— Task item —
Find the lines below that contain the string "with". Copy each one.

— Source data —

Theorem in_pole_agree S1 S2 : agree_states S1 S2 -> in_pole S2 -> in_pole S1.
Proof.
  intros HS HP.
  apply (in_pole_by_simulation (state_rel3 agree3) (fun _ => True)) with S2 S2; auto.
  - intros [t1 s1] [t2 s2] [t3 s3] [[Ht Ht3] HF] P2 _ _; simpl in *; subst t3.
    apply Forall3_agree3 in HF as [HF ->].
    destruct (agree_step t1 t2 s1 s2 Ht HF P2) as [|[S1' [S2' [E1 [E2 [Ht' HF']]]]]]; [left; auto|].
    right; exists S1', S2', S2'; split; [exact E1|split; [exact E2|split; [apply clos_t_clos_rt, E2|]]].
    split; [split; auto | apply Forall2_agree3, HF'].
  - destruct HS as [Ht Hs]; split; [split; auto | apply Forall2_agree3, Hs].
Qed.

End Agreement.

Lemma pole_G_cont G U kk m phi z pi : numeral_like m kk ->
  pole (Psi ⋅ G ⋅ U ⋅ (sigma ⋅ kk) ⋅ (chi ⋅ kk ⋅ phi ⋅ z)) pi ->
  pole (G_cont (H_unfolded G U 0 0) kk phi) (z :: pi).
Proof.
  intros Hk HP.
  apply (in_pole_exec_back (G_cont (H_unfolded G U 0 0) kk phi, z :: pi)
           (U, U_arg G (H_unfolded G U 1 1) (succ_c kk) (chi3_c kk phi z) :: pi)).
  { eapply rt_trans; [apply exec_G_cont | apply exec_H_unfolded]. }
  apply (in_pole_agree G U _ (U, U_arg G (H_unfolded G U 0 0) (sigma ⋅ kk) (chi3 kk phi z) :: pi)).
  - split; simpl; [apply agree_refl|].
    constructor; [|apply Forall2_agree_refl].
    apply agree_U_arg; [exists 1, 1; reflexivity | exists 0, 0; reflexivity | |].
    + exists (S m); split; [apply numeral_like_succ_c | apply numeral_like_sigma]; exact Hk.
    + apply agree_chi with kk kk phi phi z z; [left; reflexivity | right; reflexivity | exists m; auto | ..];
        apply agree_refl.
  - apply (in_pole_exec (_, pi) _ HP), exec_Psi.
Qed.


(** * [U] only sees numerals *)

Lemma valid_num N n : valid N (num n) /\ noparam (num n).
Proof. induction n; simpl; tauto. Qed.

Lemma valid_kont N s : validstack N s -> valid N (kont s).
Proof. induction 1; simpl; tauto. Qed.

— Task solution —
  apply (in_pole_by_simulation (state_rel3 agree3) (fun _ => True)) with S2 S2; auto.
    + apply agree_chi with kk kk phi phi z z; [left; reflexivity | right; reflexivity | exists m; auto | ..];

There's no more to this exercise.